Give again the line that contains "MTyp (Psi : lctx) (P : atyp)" and every line after it to the end of the records. Keep them exactly as they are and add nothing.

*** Opening Supplied entries ***

(* In the setting described in the context, for all meta-contexts $\Delta$, LF contexts $\Psi,\Phi$, computation contexts $\Gamma,\Gamma'$: (a) If $\Delta;\Psi\xRightarrow{u}A$ then $\Delta;\Psi\Longrightarrow A$. (b) If $\Delta;\Psi\xRightarrow{u}\sigma{:}\Phi$ then $\Delta;\Psi\Longrightarrow\sigma{:}\Phi$. (c) If $\Delta;\Psi > x{:}A \rightrightarrows P$ then $\Delta;\Psi,x{:}A\Longrightarrow P$. (d) If $\Delta > X{:}U;\Psi\rightrightarrows P$ then $\Delta,X{:}U;\Psi\Longrightarrow P$. (e) If $\Delta;\Gamma\xRightarrow{R}\tau$ then $\Delta;\Gamma\Longrightarrow\tau$. (f) If $\Delta;\Gamma\gg\Gamma'\xRightarrow{L}[\Psi\vdash P]$ then $\Delta;\Gamma,\Gamma'\Longrightarrow[\Psi\vdash P]$. (g) If $\Delta;\Gamma > y{:}\tau\Rightarrow[\Psi\vdash P]$ then $\Delta;\Gamma,y{:}\tau\Longrightarrow[\Psi\vdash P]$.
   Context: Setting: the core of the two-level logic of the proof assistant Beluga. A global signature $\Sigma$ of constant declarations $\mathbf{c}{:}A$ is fixed. Syntax: atomic LF types $P,Q ::= \mathbf{a}\,M_1\dots M_n$; LF types $A,B ::= P \mid \Pi x{:}A.\,B$, written $A\rightarrow B$ when $x$ does not occur in $B$ and $\Pi\hat{x}{:}A.\,B$ when it does. Neutral terms $R ::= x \mid \mathbf{c} \mid R\,N \mid u[\sigma]$; normal terms $M,N ::= R \mid \lambda x.\,M$; substitutions $\sigma ::= \cdot \mid \mathsf{wk}_\psi \mid \sigma, M$. LF contexts $\Psi,\Phi ::= \cdot \mid \Psi, x{:}A \mid \Psi,\hat{x}{:}A \mid \psi$ ($x{:}A$ proof-relevant assumption, $\hat{x}{:}A$ parameter, $\psi$ context variable). Meta-terms $C ::= (\hat\Psi\vdash R) \mid \Psi$; meta-types $U ::= (\Psi\vdash P) \mid G$ ($G$ a context schema); meta-contexts $\Delta ::= \cdot \mid \Delta, X{:}U$. Computation types $\tau ::= [\Psi\vdash P] \mid \tau_1\rightarrow\tau_2 \mid \Pi^{\Box}X{:}U.\,\tau$ (types $[\Psi\vdash P]$ are called box types); computation contexts $\Gamma ::= \cdot \mid \Gamma, y{:}\tau$ (order immaterial). $[\sigma]B$: hereditary application of a simultaneous substitution; $[M/\hat{x}]B$: hereditary substitution; $[\![C/X]\!]\tau$: meta-substitution. $\Delta;\Psi\vdash M\Leftarrow A$: standard checking judgment for canonical contextual LF; $\Delta\Vdash C\Leftarrow U$: checking judgment for meta-terms. Sequent calculus for contextual LF, $\Delta;\Psi\Longrightarrow A$: (init$^\Sigma$) $\Delta;\Psi\Longrightarrow A$ if $\mathbf{c}{:}A\in\Sigma$; (init$^\Psi$) $\Delta;\Psi,x{:}A\Longrightarrow A$ for proof-relevant $x$; ($\Pi R$) from $\Delta;\Psi,\hat{x}{:}A\Longrightarrow B$ infer $\Delta;\Psi\Longrightarrow\Pi\hat{x}{:}A.\,B$; ($\Pi L$) if $x_1{:}\Pi\hat{x}{:}A.\,B\in\Psi$, $\Delta;\Psi\vdash M\Leftarrow A$, $\Delta;\Psi,x_2{:}[M/\hat{x}]B\Longrightarrow A'$ then $\Delta;\Psi\Longrightarrow A'$; ($\rightarrow R$) from $\Delta;\Psi,x{:}A\Longrightarrow B$ infer $\Delta;\Psi\Longrightarrow A\rightarrow B$; ($\rightarrow L$) if $x_1{:}A\rightarrow B\in\Psi$, $\Delta;\Psi\Longrightarrow A$, $\Delta;\Psi,x_2{:}B\Longrightarrow A'$ then $\Delta;\Psi\Longrightarrow A'$; (reflect) if $u{:}(\Phi\vdash P)\in\Delta$, $\Delta;\Psi\Longrightarrow\sigma{:}\Phi$, $\Delta;\Psi,x{:}[\sigma]P\Longrightarrow A$ then $\Delta;\Psi\Longrightarrow A$. Substitutions $\Delta;\Psi\Longrightarrow\sigma{:}\Phi$: $\Delta;\Psi\Longrightarrow\cdot{:}\cdot$; $\Delta;\psi,\Psi\Longrightarrow\mathsf{wk}_\psi{:}\psi$; from $\Delta;\Psi\Longrightarrow\sigma{:}\Phi$ and $\Delta;\Psi\Longrightarrow N{:}[\sigma]B$ infer $(\sigma,N){:}(\Phi,x{:}B)$; from $\Delta;\Psi\Longrightarrow\sigma{:}\Phi$ and $\Delta;\Psi\vdash M\Leftarrow[\sigma]B$ infer $(\sigma,M){:}(\Phi,\hat{x}{:}B)$. Sequent calculus for computations, $\Delta;\Gamma\Longrightarrow\tau$: ($\Pi^\Box R$) from $\Delta,X{:}U;\Gamma\Longrightarrow\tau$ infer $\Delta;\Gamma\Longrightarrow\Pi^\Box X{:}U.\,\tau$; ($\Pi^\Box L$) if $y_1{:}\Pi^\Box X{:}U.\,\tau'\in\Gamma$, $\Delta\Vdash C\Leftarrow U$, $\Delta;\Gamma,y_2{:}[\![C/X]\!]\tau'\Longrightarrow\tau$ then $\Delta;\Gamma\Longrightarrow\tau$; ($\rightarrow L$) if $y_1{:}\tau_1\rightarrow\tau_2\in\Gamma$, $\Delta;\Gamma\Longrightarrow\tau_1$, $\Delta;\Gamma,y_2{:}\tau_2\Longrightarrow\tau$ then $\Delta;\Gamma\Longrightarrow\tau$; ($\rightarrow R$) from $\Delta;\Gamma,y{:}\tau_1\Longrightarrow\tau_2$ infer $\Delta;\Gamma\Longrightarrow\tau_1\rightarrow\tau_2$; (init) $\Delta;\Gamma,y{:}\tau\Longrightarrow\tau$; ($\Box R$) from $\Delta;\Psi\Longrightarrow P$ infer $\Delta;\Gamma\Longrightarrow[\Psi\vdash P]$; ($\Box L$) if $y{:}[\Psi\vdash P]\in\Gamma$ and $\Delta,X{:}(\Psi\vdash P);\Gamma\Longrightarrow\tau$ then $\Delta;\Gamma\Longrightarrow\tau$. Focusing calculus for LF. Uniform judgment $\Delta;\Psi\xRightarrow{u}A$: ($\Pi R$) from $\Delta;\Psi,\hat{x}{:}A\xRightarrow{u}B$ infer $\Delta;\Psi\xRightarrow{u}\Pi\hat{x}{:}A.\,B$; ($\rightarrow R$) from $\Delta;\Psi,x{:}A\xRightarrow{u}B$ infer $\Delta;\Psi\xRightarrow{u}A\rightarrow B$; (transition$^\Delta$) if $X{:}(\Phi\vdash Q)\in\Delta$, $\Delta;\Psi\xRightarrow{u}\sigma{:}\Phi$ and $[\sigma]Q=P$ then $\Delta;\Psi\xRightarrow{u}P$; (transition$^\Psi$) if $x{:}A\in\Psi$ and $\Delta;\Psi>x{:}A\rightrightarrows P$ then $\Delta;\Psi\xRightarrow{u}P$. Uniform substitutions $\Delta;\Psi\xRightarrow{u}\sigma{:}\Phi$: same four rules as the sequent substitution judgment with $\Longrightarrow$ replaced by $\xRightarrow{u}$ (the $\hat{x}$ case still uses $\Delta;\Psi\vdash M\Leftarrow[\sigma]B$). Focused judgment $\Delta;\Psi>x{:}A\rightrightarrows P$: (init$^\Psi$) $\Delta;\Psi>x{:}P\rightrightarrows P$; ($\rightarrow L$) from $\Delta;\Psi\xRightarrow{u}A$ and $\Delta;\Psi>x'{:}B\rightrightarrows P$ infer $\Delta;\Psi>x{:}A\rightarrow B\rightrightarrows P$; ($\Pi L$) from $\Delta;\Psi\vdash M\Leftarrow A$ and $\Delta;\Psi>x'{:}[M/\hat{x}]B\rightrightarrows P$ infer $\Delta;\Psi>x{:}\Pi\hat{x}{:}A.\,B\rightrightarrows P$. Focus on a meta-assumption: $\Delta>X{:}U;\Psi\rightrightarrows P$ holds iff $U=(\Phi\vdash Q)$ and there is $\sigma$ with $\Delta,X{:}U;\Psi\xRightarrow{u}\sigma{:}\Phi$ and $[\sigma]Q=P$. Focusing calculus for computations. Uniform right $\Delta;\Gamma\xRightarrow{R}\tau$: ($\rightarrow R$) from $\Delta;\Gamma,y{:}\tau_1\xRightarrow{R}\tau_2$ infer $\Delta;\Gamma\xRightarrow{R}\tau_1\rightarrow\tau_2$; ($\Pi^\Box R$) from $\Delta,X{:}U;\Gamma\xRightarrow{R}\tau$ infer $\Delta;\Gamma\xRightarrow{R}\Pi^\Box X{:}U.\,\tau$; (left to right) from $\Delta;\cdot\gg\Gamma\xRightarrow{L}[\Psi\vdash P]$ infer $\Delta;\Gamma\xRightarrow{R}[\Psi\vdash P]$. Uniform left $\Delta;\Gamma\gg\Gamma'\xRightarrow{L}[\Psi\vdash P]$: ($\Box L$) from $\Delta,X{:}(\Phi\vdash Q);\Gamma\gg\Gamma'\xRightarrow{L}[\Psi\vdash P]$ infer $\Delta;\Gamma\gg\Gamma',y{:}[\Phi\vdash Q]\xRightarrow{L}[\Psi\vdash P]$; (shift) if $\tau$ is not a box type and $\Delta;\Gamma,y{:}\tau\gg\Gamma'\xRightarrow{L}[\Psi\vdash P]$ then $\Delta;\Gamma\gg\Gamma',y{:}\tau\xRightarrow{L}[\Psi\vdash P]$; (level) from $\Delta;\Psi\xRightarrow{u}P$ infer $\Delta;\Gamma\gg\cdot\xRightarrow{L}[\Psi\vdash P]$; (focus) if $y{:}\tau\in\Gamma$ and $\Delta;\Gamma>y{:}\tau\Rightarrow[\Psi\vdash P]$ then $\Delta;\Gamma\gg\cdot\xRightarrow{L}[\Psi\vdash P]$. Focused $\Delta;\Gamma>y{:}\tau\Rightarrow[\Psi\vdash P]$: ($\Pi^\Box L$) from $\Delta\Vdash C\Leftarrow U$ and $\Delta;\Gamma>y'{:}[\![C/X]\!]\tau\Rightarrow[\Psi\vdash P]$ infer $\Delta;\Gamma>y{:}\Pi^\Box X{:}U.\,\tau\Rightarrow[\Psi\vdash P]$; ($\rightarrow L$) from $\Delta;\Gamma\xRightarrow{R}\tau_1$ and $\Delta;\Gamma>y'{:}\tau_2\Rightarrow[\Psi\vdash P]$ infer $\Delta;\Gamma>y{:}\tau_1\rightarrow\tau_2\Rightarrow[\Psi\vdash P]$; (blur) from $\Delta;\cdot\gg\Gamma,y'{:}[\Phi\vdash Q]\xRightarrow{L}[\Psi\vdash P]$ infer $\Delta;\Gamma>y'{:}[\Phi\vdash Q]\Rightarrow[\Psi\vdash P]$. *)

(* Representation: locally nameless.  Bound LF variables (lambda / Pi-hat)
   are de Bruijn indices, free LF variables are names; bound meta-variables
   (Pi-box) are de Bruijn indices [MB n], free meta-variables are names [MF X].
   "Fresh name" premises are stated with cofinite quantification. *)
From Stdlib Require Import List Arith PeanoNat.
Import ListNotations.

Definition name := nat.

(* meta-variable references (also used for context variables psi) *)
Inductive mv : Type := MB (n : nat) | MF (X : name).

(* R ::= x | c | R N | u[sigma] ;  M ::= R | lam x. M ; sigma ::= . | wk_psi | sigma, M *)
Inductive neu : Type :=
| BVar (n : nat)
| FVar (x : name)
| Const (c : name)
| App (R : neu) (N : nrm)
| MVar (u : mv) (s : sub)
with nrm : Type :=
| NRet (R : neu)
| Lam (M : nrm)
with sub : Type :=
| SNil
| SWk (psi : mv)
| SCons (s : sub) (M : nrm).

Inductive atyp : Type := ATm (a : name) (Ms : list nrm).

(* A ::= P | Pi x^:A. B (B binds index 0) | A -> B (non-dependent) *)
Inductive typ : Type :=
| TAtom (P : atyp)
| PiP (A : typ) (B : typ)
| Arr (A : typ) (B : typ).

(* Rel: proof-relevant assumption x:A ;  Par: parameter x^:A *)
Inductive kind : Type := Rel | Par.

Inductive lctx : Type :=
| CNil
| CVar (psi : mv)
| CExt (Psi : lctx) (x : name) (k : kind) (A : typ).

Inductive hctx : Type :=
| HNil
| HVar (psi : mv)
| HExt (h : hctx) (x : name).

(* U ::= (Psi |- P) | G   (context schemas G are referred to by name) *)
Inductive mtyp : Type :=
| MTyp (Psi : lctx) (P : atyp)
| MSch (G : name).

Inductive mterm : Type :=
| CTm (h : hctx) (R : neu)
| CCtx (Psi : lctx).

(* tau ::= [Psi |- P] | tau1 -> tau2 | Pi^box X:U. tau  (binds meta index 0) *)
Inductive ctyp : Type :=
| Box (Psi : lctx) (P : atyp)
| CArr (t1 t2 : ctyp)
| PiBox (U : mtyp) (t : ctyp).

*** Closing Supplied entries ***

### The completed task
| MTyp (Psi : lctx) (P : atyp)
| MSch (G : name).

Inductive mterm : Type :=
| CTm (h : hctx) (R : neu)
| CCtx (Psi : lctx).

(* tau ::= [Psi |- P] | tau1 -> tau2 | Pi^box X:U. tau  (binds meta index 0) *)
Inductive ctyp : Type :=
| Box (Psi : lctx) (P : atyp)
| CArr (t1 t2 : ctyp)
| PiBox (U : mtyp) (t : ctyp).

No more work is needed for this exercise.